Und die wiederaufladbaren Lithium-Ionen-Batterien von Aibo waren ein weiteres Sony-Original, das in der scheinbar endlosen Suche dieses 50-Milliarden-Dollar-Riesen nach kleineren, schnelleren und benutzerfreundlicheren Unterhaltungselektronikprodukten entwickelt wurde.

Diese Innovationen fügen sich gut in die Erfolgsbilanz von Sony ein. Aber Aibo hatte mindestens zwei ungewohnte Aspekte.

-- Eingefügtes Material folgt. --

(* Let $G$ be a word-hyperbolic group with marked finite generating set $A$, let $X=\Gamma(G,A)$ with word metric $d_X$ and $|g|_X=d_X(1,g)$, let $H\le G$ be quasiconvex, and let $Y=\Gamma(G/H,A)$ with simplicial metric $d_Y$. Then there is an integer constant $K_1>0$ (depending only on $G,A,H$) with the following property. Let $g,f\in G$ be elements of minimal $|\cdot|_X$-length in the cosets $Hg$ and $Hf$ respectively. Let $w$ be the label (a word over $A^{\pm1}$) of a near geodesic path in $Y$ from $Hg$ to $Hf$, and let $h\in H$ be such that $hf=g\bar w$, where $\bar w\in G$ is the element represented by $w$. Then $|h|_X\le K_1$.
   Context: A marked finite generating set of $G$ is a map $\pi:A\to G$ from a finite alphabet such that $\pi(A)$ generates $G$. $\Gamma(G/H,A)$ is the graph with vertices the right cosets $Hg$ and, for each $(Hg,a)\in G/H\times A$, an edge from $Hg$ to $Hg\pi(a)$ labeled $a$; $\Gamma(G,A)$ is the case $H=1$. All edges have length one. A path $p$ in a geodesic metric space is near geodesic if $p=p_1p'p_2$ where $p_1,p',p_2$ are geodesic segments and $0\le l(p_i)\le 1$ for $i=1,2$. $H$ quasiconvex means there is $E>0$ such that every geodesic in $X$ with endpoints in $H$ lies in the $E$-neighborhood of $H$. *)

From mathcomp Require Import all_boot.
Set Implicit Arguments. Unset Strict Implicit. Unset Printing Implicit Defensive.

Record group := Group {
  carrier :> Type;
  gmul : carrier -> carrier -> carrier;
  ginv : carrier -> carrier;
  gone : carrier;
  gmulA : forall x y z, gmul x (gmul y z) = gmul (gmul x y) z;
  gmul1 : forall x, gmul gone x = x;
  gmulV : forall x, gmul (ginv x) x = gone
}.

Section Words.
Variables (G : group) (A : finType) (pi : A -> G).

(* Letters of A^{+-1}: (a, false) stands for a, (a, true) for a^{-1}. *)
Definition letter := (A * bool)%type.

Definition eval_letter (l : letter) : G :=
  if l.2 then ginv (pi l.1) else pi l.1.

Definition eval (w : seq letter) : G :=
  foldr (fun l acc => gmul (eval_letter l) acc) (gone G) w.

Definition generates : Prop := forall g : G, exists w, eval w = g.

Definition dX_le (x y : G) (n : nat) : Prop :=
  exists w, size w <= n /\ gmul x (eval w) = y.

Definition len_le (x y : G) : Prop :=
  forall n, dX_le (gone G) y n -> dX_le (gone G) x n.

Definition geodesicX (w : seq letter) : Prop :=
  forall w', eval w' = eval w -> size w <= size w'.

Definition vertX (x : G) (w : seq letter) (i : nat) : G :=
  gmul x (eval (take i w)).

(* delta-slim geodesic triangles in X (Rips condition): for a geodesic
   triangle with sides labeled u, v, w (starting at 1), every vertex on
   side u lies within delta of a vertex on side v or side w. *)
Definition hyperbolic : Prop :=
  exists delta : nat, forall u v w,
    geodesicX u -> geodesicX v -> geodesicX w ->
    eval (u ++ v ++ w) = gone G ->
    forall i, i <= size u ->
      (exists j, j <= size v /\
         dX_le (vertX (gone G) u i) (vertX (eval u) v j) delta) \/
      (exists k, k <= size w /\
         dX_le (vertX (gone G) u i) (vertX (eval (u ++ v)) w k) delta).

Definition subgroup (H : G -> Prop) : Prop :=
  H (gone G) /\ (forall x y, H x -> H y -> H (gmul x y)) /\
  (forall x, H x -> H (ginv x)).

Definition quasiconvex (H : G -> Prop) : Prop :=
  exists E : nat, 0 < E /\ forall h w, H h -> geodesicX w -> H (gmul h (eval w)) ->
    forall i, i <= size w -> exists h', H h' /\ dX_le (vertX h w i) h' E.

(* right cosets: Hx = Hy *)
Definition coset_eq (H : G -> Prop) (x y : G) : Prop := H (gmul x (ginv y)).

(* In Y = Gamma(G/H,A): the path starting at Hx labeled w ends at Hy *)
Definition pathY (H : G -> Prop) (x : G) (w : seq letter) (y : G) : Prop :=
  coset_eq H (gmul x (eval w)) y.

Definition geodesicY (H : G -> Prop) (x : G) (w : seq letter) : Prop :=
  forall w', pathY H x w' (gmul x (eval w)) -> size w <= size w'.

Definition near_geodesicY (H : G -> Prop) (x : G) (w : seq letter) : Prop :=
  exists u w' v, w = u ++ w' ++ v /\ size u <= 1 /\ size v <= 1 /\
    geodesicY H (gmul x (eval u)) w'.

End Words.

From mathcomp Require Import all_boot.
From Stdlib Require Import ClassicalEpsilon.
From mathcomp Require Import zify.
Set Implicit Arguments. Unset Strict Implicit. Unset Printing Implicit Defensive.

(* Write C(K) := 2(K + 2 delta + 1) + 2 delta and (P|Q)_O for the Gromov
   product.  Minimality of f in Hf makes the geodesic [h, hf] leave the
   quasiconvex subgroup H almost orthogonally: (1|hf)_h <= C(E)/2.  If |h| is
   large, the beginning of [1, hf] is therefore close to [1, h], hence to H,
   and minimality of g in Hg gives (hf|g)_1 <= C(delta + E)/2.  Finally, a near
   geodesic of Y from Hg to Hf has length at most |g| + |f| + 4, so
   d(g, hf) <= |g| + |f| + 4; combining the three estimates bounds |h|. *)

Section GroupLaws.
Variable G : group.

Lemma gmulgV (x : G) : gmul x (ginv x) = gone G.
Proof.
have -> : gmul x (ginv x) = gmul (gmul (ginv (ginv x)) (ginv x)) (gmul x (ginv x)).
  by rewrite gmulV gmul1.
by rewrite -gmulA (gmulA (ginv x) x) gmulV gmul1 gmulV.
Qed.

Lemma gmulg1 (x : G) : gmul x (gone G) = x.
Proof. by rewrite -(gmulV x) gmulA gmulgV gmul1. Qed.

Lemma gmulI (x : G) : injective (gmul x).
Proof. by move=> a b e; rewrite -(gmul1 a) -(gmulV x) -gmulA e gmulA gmulV gmul1. Qed.

Lemma gmulK (x y : G) : gmul (gmul x y) (ginv y) = x.
Proof. by rewrite -gmulA gmulgV gmulg1. Qed.

Lemma ginvK (x : G) : ginv (ginv x) = x.
Proof. by apply: (@gmulI (ginv x)); rewrite gmulgV gmulV. Qed.

Lemma ginvM (x y : G) : ginv (gmul x y) = gmul (ginv y) (ginv x).
Proof. by apply: (@gmulI (gmul x y)); rewrite gmulgV gmulA gmulK gmulgV. Qed.

End GroupLaws.

Lemma ex_least (P : nat -> Prop) :
  (exists n, P n) -> exists n, P n /\ forall m, P m -> n <= m.
Proof.
move=> [n0 Pn0].
pose p n := if excluded_middle_informative (P n) then true else false.
have pP n : reflect (P n) (p n).
  by rewrite /p; case: excluded_middle_informative => ?; constructor.
have [n /pP Pn minn] := ex_minnP (ex_intro p n0 (introT (pP n0) Pn0)).
by exists n; split=> // m /pP; apply: minn.
Qed.

Section GeodesicHyperbolicSpace.
Variables (T : Type) (d : T -> T -> nat) (delta : nat).

Definition between (x y z : T) : Prop := d x y + d y z = d x z.

Definition gromov_bound (K : nat) : nat := 2 * (K + 2 * delta + 1) + 2 * delta.

Hypothesis d_sym : forall x y, d x y = d y x.
Hypothesis d_triangle : forall x y z, d x z <= d x y + d y z.

Lemma between_sym x y z : between x y z -> between z y x.
Proof. by rewrite /between (d_sym z y) (d_sym y x) (d_sym z x); lia. Qed.

Hypothesis d_geodesic :
  forall x y i, i <= d x y -> exists2 p, d x p = i & between x p y.
Hypothesis d_slim : forall O P Q p, between O p P ->
  exists2 q, d p q <= delta & between O q Q \/ between P q Q.

(* The point p at distance K + 2 delta + 1 from O on [O, P] is delta-close to
   [O, Q] or to [P, Q]; the hypothesis rules out the first case, and the second
   one gives the bound. *)
Lemma gromov_product_bound K O P Q :
  (forall p, d O p = K + 2 * delta + 1 -> between O p P -> d O Q <= d p Q + K) ->
  d O P + d O Q <= d P Q + gromov_bound K.
Proof.
move=> far; rewrite /gromov_bound.
case: (leqP (K + 2 * delta + 1) (d O P)) => [leKP|]; last by have := d_triangle O P Q; lia.
have [p dOp bOpP] := d_geodesic leKP.
have := far p dOp bOpP.
have [q dpq [bOqQ | bPqQ]] := d_slim Q bOpP; have := d_triangle p q Q; move: bOpP; rewrite /between.
- by have := d_triangle O q p; move: bOqQ; rewrite /between (d_sym q p); lia.
- have := d_triangle P q p; have := d_triangle O p Q; move: bPqQ.
  by rewrite /between (d_sym q p) (d_sym p P); lia.
Qed.

End GeodesicHyperbolicSpace.

Section WordMetric.
Variables (G : group) (A : finType) (pi : A -> G).

Definition winv (w : seq (letter A)) : seq (letter A) :=
  rev (map (fun l => (l.1, ~~ l.2)) w).

Lemma eval_cat u v : eval pi (u ++ v) = gmul (eval pi u) (eval pi v).
Proof. by elim: u => [|l u IHu] /=; rewrite ?gmul1 // IHu gmulA. Qed.

Lemma eval_winv w : gmul (eval pi w) (eval pi (winv w)) = gone G.
Proof.
elim: w => [|l w IHw] /=; first by rewrite gmul1.
rewrite /winv map_cons rev_cons -cats1 -/(winv w) eval_cat /= gmulg1.
rewrite gmulA -(gmulA _ _ (eval pi (winv w))) IHw gmulg1.
by case: l => a [] /=; rewrite /eval_letter /= ?gmulV ?gmulgV.
Qed.

(* Junk value 0 when no word joins x to y; all lemmas below assume pi generates G. *)
Definition dist (x y : G) : nat :=
  epsilon (inhabits 0) (fun n => dX_le pi x y n /\ forall m, dX_le pi x y m -> n <= m).

Definition slim_triangles (delta : nat) : Prop :=
  forall u v w, geodesicX pi u -> geodesicX pi v -> geodesicX pi w ->
    eval pi (u ++ v ++ w) = gone G ->
    forall i, i <= size u ->
      (exists j, j <= size v /\
         dX_le pi (vertX pi (gone G) u i) (vertX pi (eval pi u) v j) delta) \/
      (exists k, k <= size w /\
         dX_le pi (vertX pi (gone G) u i) (vertX pi (eval pi (u ++ v)) w k) delta).

Definition quasiconvex_by (H : G -> Prop) (E : nat) : Prop :=
  forall h w, H h -> geodesicX pi w -> H (gmul h (eval pi w)) ->
    forall i, i <= size w -> exists h', H h' /\ dX_le pi (vertX pi h w i) h' E.

Hypothesis gen : generates pi.

Lemma dist_spec x y :
  dX_le pi x y (dist x y) /\ forall m, dX_le pi x y m -> dist x y <= m.
Proof.
apply: (epsilon_spec (inhabits 0) (fun n => dX_le pi x y n /\ _)).
apply: ex_least.
have [w ew] := gen (gmul (ginv x) y).
by exists (size w), w; rewrite ew gmulA gmulgV gmul1.
Qed.

Lemma distP x y n : dX_le pi x y n <-> dist x y <= n.
Proof.
have [[w [sw ew]] min] := dist_spec x y.
by split=> [/min // | le_n]; exists w; split=> //; apply: leq_trans le_n.
Qed.

Lemma dist_word x w : dist x (gmul x (eval pi w)) <= size w.
Proof. by apply/distP; exists w. Qed.

Lemma dist_geodesic_word x y : exists2 w, gmul x (eval pi w) = y & size w = dist x y.
Proof.
have [[w [sw ew]] _] := dist_spec x y.
by exists w => //; apply/eqP; rewrite eqn_leq sw -{1}ew dist_word.
Qed.

Lemma dist_triangle x y z : dist x z <= dist x y + dist y z.
Proof.
have [u eu <-] := dist_geodesic_word x y; have [v ev <-] := dist_geodesic_word y z.
by rewrite -size_cat -ev -eu -gmulA -eval_cat dist_word.
Qed.

Lemma dist_sym x y : dist x y = dist y x.
Proof.
suff le_sym a b : dist b a <= dist a b by apply/eqP; rewrite eqn_leq !le_sym.
have [w <- <-] := dist_geodesic_word a b.
have sw : size (winv w) = size w by rewrite size_rev size_map.
by rewrite -[X in dist _ X](gmulg1 a) -(eval_winv w) gmulA -sw dist_word.
Qed.

Lemma dist_mul2l z x y : dist (gmul z x) (gmul z y) = dist x y.
Proof.
apply/eqP; rewrite eqn_leq; apply/andP; split.
  by have [u <- <-] := dist_geodesic_word x y; rewrite gmulA dist_word.
have [v ev <-] := dist_geodesic_word (gmul z x) (gmul z y).
have <- : gmul x (eval pi v) = y by apply: (@gmulI _ z); rewrite gmulA.
exact: dist_word.
Qed.

Lemma dist_mulr x y : dist x (gmul x y) = dist (gone G) y.
Proof. by rewrite -{1}(gmulg1 x) dist_mul2l. Qed.

Lemma geodesicX_dist x w : size w = dist x (gmul x (eval pi w)) -> geodesicX pi w.
Proof. by move=> sw w' e; rewrite sw -e dist_word. Qed.

Lemma between_prefix x w j : size w = dist x (gmul x (eval pi w)) ->
  between dist x (gmul x (eval pi (take j w))) (gmul x (eval pi w)).
Proof.
move=> geo_w; rewrite /between.
have split_w : gmul (gmul x (eval pi (take j w))) (eval pi (drop j w)) = gmul x (eval pi w).
  by rewrite -gmulA -eval_cat cat_take_drop.
have := dist_word x (take j w); have := dist_word (gmul x (eval pi (take j w))) (drop j w).
have := dist_triangle x (gmul x (eval pi (take j w))) (gmul x (eval pi w)).
have : size (take j w) + size (drop j w) = size w by rewrite -size_cat cat_take_drop.
by rewrite split_w; lia.
Qed.

Lemma exists_between x y i : i <= dist x y -> exists2 p, dist x p = i & between dist x p y.
Proof.
move=> le_i; have [w ew sw] := dist_geodesic_word x y.
have b : between dist x (gmul x (eval pi (take i w))) y.
  by rewrite -ew; apply: between_prefix; rewrite ew.
exists (gmul x (eval pi (take i w))) => //.
have := dist_word x (take i w); have := dist_word (gmul x (eval pi (take i w))) (drop i w).
rewrite -gmulA -eval_cat cat_take_drop ew size_drop size_takel ?sw //.
by move: b; rewrite /between; lia.
Qed.

Lemma between_geodesic_word x p y : between dist x p y ->
  exists u v, [/\ gmul x (eval pi u) = p, gmul p (eval pi v) = y & geodesicX pi (u ++ v)].
Proof.
move=> b; have [u eu su] := dist_geodesic_word x p; have [v ev sv] := dist_geodesic_word p y.
exists u, v; split=> //; apply: (@geodesicX_dist x).
by rewrite eval_cat gmulA eu ev size_cat su sv; exact: b.
Qed.

Lemma slim_between delta : slim_triangles delta -> forall O P Q p, between dist O p P ->
  exists2 q, dist p q <= delta & between dist O q Q \/ between dist P q Q.
Proof.
move=> slim O P Q p bOpP.
have [u1 [u2 [eu1 eu2 geo_u]]] := between_geodesic_word bOpP.
have [v ev sv] := dist_geodesic_word P Q; have [w ew sw] := dist_geodesic_word Q O.
have eu : gmul O (eval pi (u1 ++ u2)) = P by rewrite eval_cat gmulA eu1 eu2.
have euv : gmul O (eval pi ((u1 ++ u2) ++ v)) = Q by rewrite eval_cat gmulA eu ev.
have geo_v : geodesicX pi v by apply: (@geodesicX_dist P); rewrite ev.
have geo_w : geodesicX pi w by apply: (@geodesicX_dist Q); rewrite ew.
have loop : eval pi ((u1 ++ u2) ++ v ++ w) = gone G.
  by apply: (@gmulI _ O); rewrite gmulg1 catA eval_cat gmulA euv ew.
have le_u1 : size u1 <= size (u1 ++ u2) by rewrite size_cat leq_addr.
have := slim _ _ _ geo_u geo_v geo_w loop _ le_u1.
rewrite /vertX gmul1 take_size_cat // => -[[j [_ near]] | [k [_ near]]].
- exists (gmul P (eval pi (take j v))).
    by rewrite -eu1 -eu -gmulA dist_mul2l; apply/distP.
  by right; rewrite -ev; apply: between_prefix; rewrite ev.
- exists (gmul Q (eval pi (take k w))).
    by rewrite -eu1 -euv -gmulA dist_mul2l; apply/distP.
  by left; apply: (between_sym dist_sym); rewrite -ew; apply: between_prefix; rewrite ew.
Qed.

Eine davon war die Art und Weise, wie Sony den neuen Home-Entertainment-Roboter zur Verfügung stellte: Nur über das Internet, wo alle 3.000 Einheiten der japanischen Zuteilung in 17 Sekunden geschnappt wurden. Das andere war Aperios, sein Betriebssystem.

Moment mal... ein Betriebssystem von Sony? Was gibt?

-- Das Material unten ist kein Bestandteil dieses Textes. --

Lemma matching_poly_on_edge (A : {set T}) (v u : T) : v \in A -> u \in A :\ v -> e v u ->
  \sum_(M | matching_on e A M && ([set v; u] \in M))
     (-1) ^+ #|M| *: 'X^(#|A| - 2 * #|M|)%N
  = - matching_poly_on (A :\ v :\ u).
Proof.
move=> vA uA evu; set S := [set v; u].
rewrite (reindex_onto (fun M' => S |: M') (fun M => M :\ S)) /=; last first.
  by move=> M /andP [_ SM]; rewrite setD1K.
rewrite /matching_poly_on -sumrN; apply: eq_big => M'.
  by rewrite -andbA; apply: matching_on_setU1_edge.
rewrite -andbA matching_on_setU1_edge // => okM'.
have SM' : S \notin M'.
  apply/negP => SM; case/andP: okM' => _ /forall_inP /(_ S SM).
  by rewrite !subsetD1 !inE eqxx !andbF.
rewrite cardsU1 SM' exprS mulN1r scaleNr; congr (- (_ *: 'X^_)).
have := matching_on_card e_irr okM'.
rewrite (cardsD1 v A) vA (cardsD1 u (A :\ v)) uA; lia.
Qed.

Lemma matching_poly_on_rec (A : {set T}) (v : T) : v \in A ->
  matching_poly_on A = 'X * matching_poly_on (A :\ v)
                       - \sum_(u in A :\ v | e v u) matching_poly_on (A :\ v :\ u).
Proof.
move=> vA; rewrite {1}/matching_poly_on.
rewrite (bigID (fun M : {set {set T}} => [forall S in M, v \notin S])) /=.
congr (_ + _).
  rewrite /matching_poly_on mulr_sumr; apply: eq_big => M.
    by rewrite matching_on_setD1.
  rewrite -matching_on_setD1 => okM.
  have := matching_on_card e_irr okM; rewrite (cardsD1 v A) vA => le.
  by rewrite add1n subSn // exprS scalerAr.
rewrite -sumrN.
transitivity (\sum_(M | matching_on e A M && ~~ [forall S in M, v \notin S])
   \sum_(u | [&& u \in A :\ v, e v u & [set v; u] \in M])
      ((-1) ^+ #|M| *: 'X^(#|A| - 2 * #|M|)%N : {poly R})).
  apply: eq_bigr => M /andP [okM cov].
  by have [u0 Hu0] := matching_on_partner e_sym e_irr okM cov; rewrite (big_pred1 u0 Hu0).
rewrite (exchange_big_dep (fun u => (u \in A :\ v) && e v u)) /=; last first.
  by move=> M u _ /and3P [-> ->].
apply: eq_bigr => u /andP [uA evu]; rewrite -(matching_poly_on_edge vA uA evu).
apply: eq_bigl => M; rewrite uA evu /=.
case SM: ([set v; u] \in M); rewrite ?andbF ?andbT //.
case: (matching_on e A M) => //=.
by apply/negP => /forall_inP /(_ _ SM); rewrite !inE eqxx.
Qed.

Die digitale Revolution. Kurz vor dem letzten Weihnachtsgeschäft des Jahrtausends hat sich der weltweit bekannteste Hersteller von elektronischen Konsumgütern dazu entschlossen, sich für das Internetzeitalter neu zu erfinden. Die Transformation wird von Nobuyuki Idei angeführt, dem hartgesottenen Präsidenten, der 1995 die Zügel von Sony übernahm und die digitale Agenda im großen Stil aufgriff. Das neue Motto, das er dem Unternehmen gab, Digital Dream Kids, ist auch eine hervorragende Beschreibung von Ideis ungewöhnlichem Brain Trust – dem Sony Computer Science Laboratory (CSL).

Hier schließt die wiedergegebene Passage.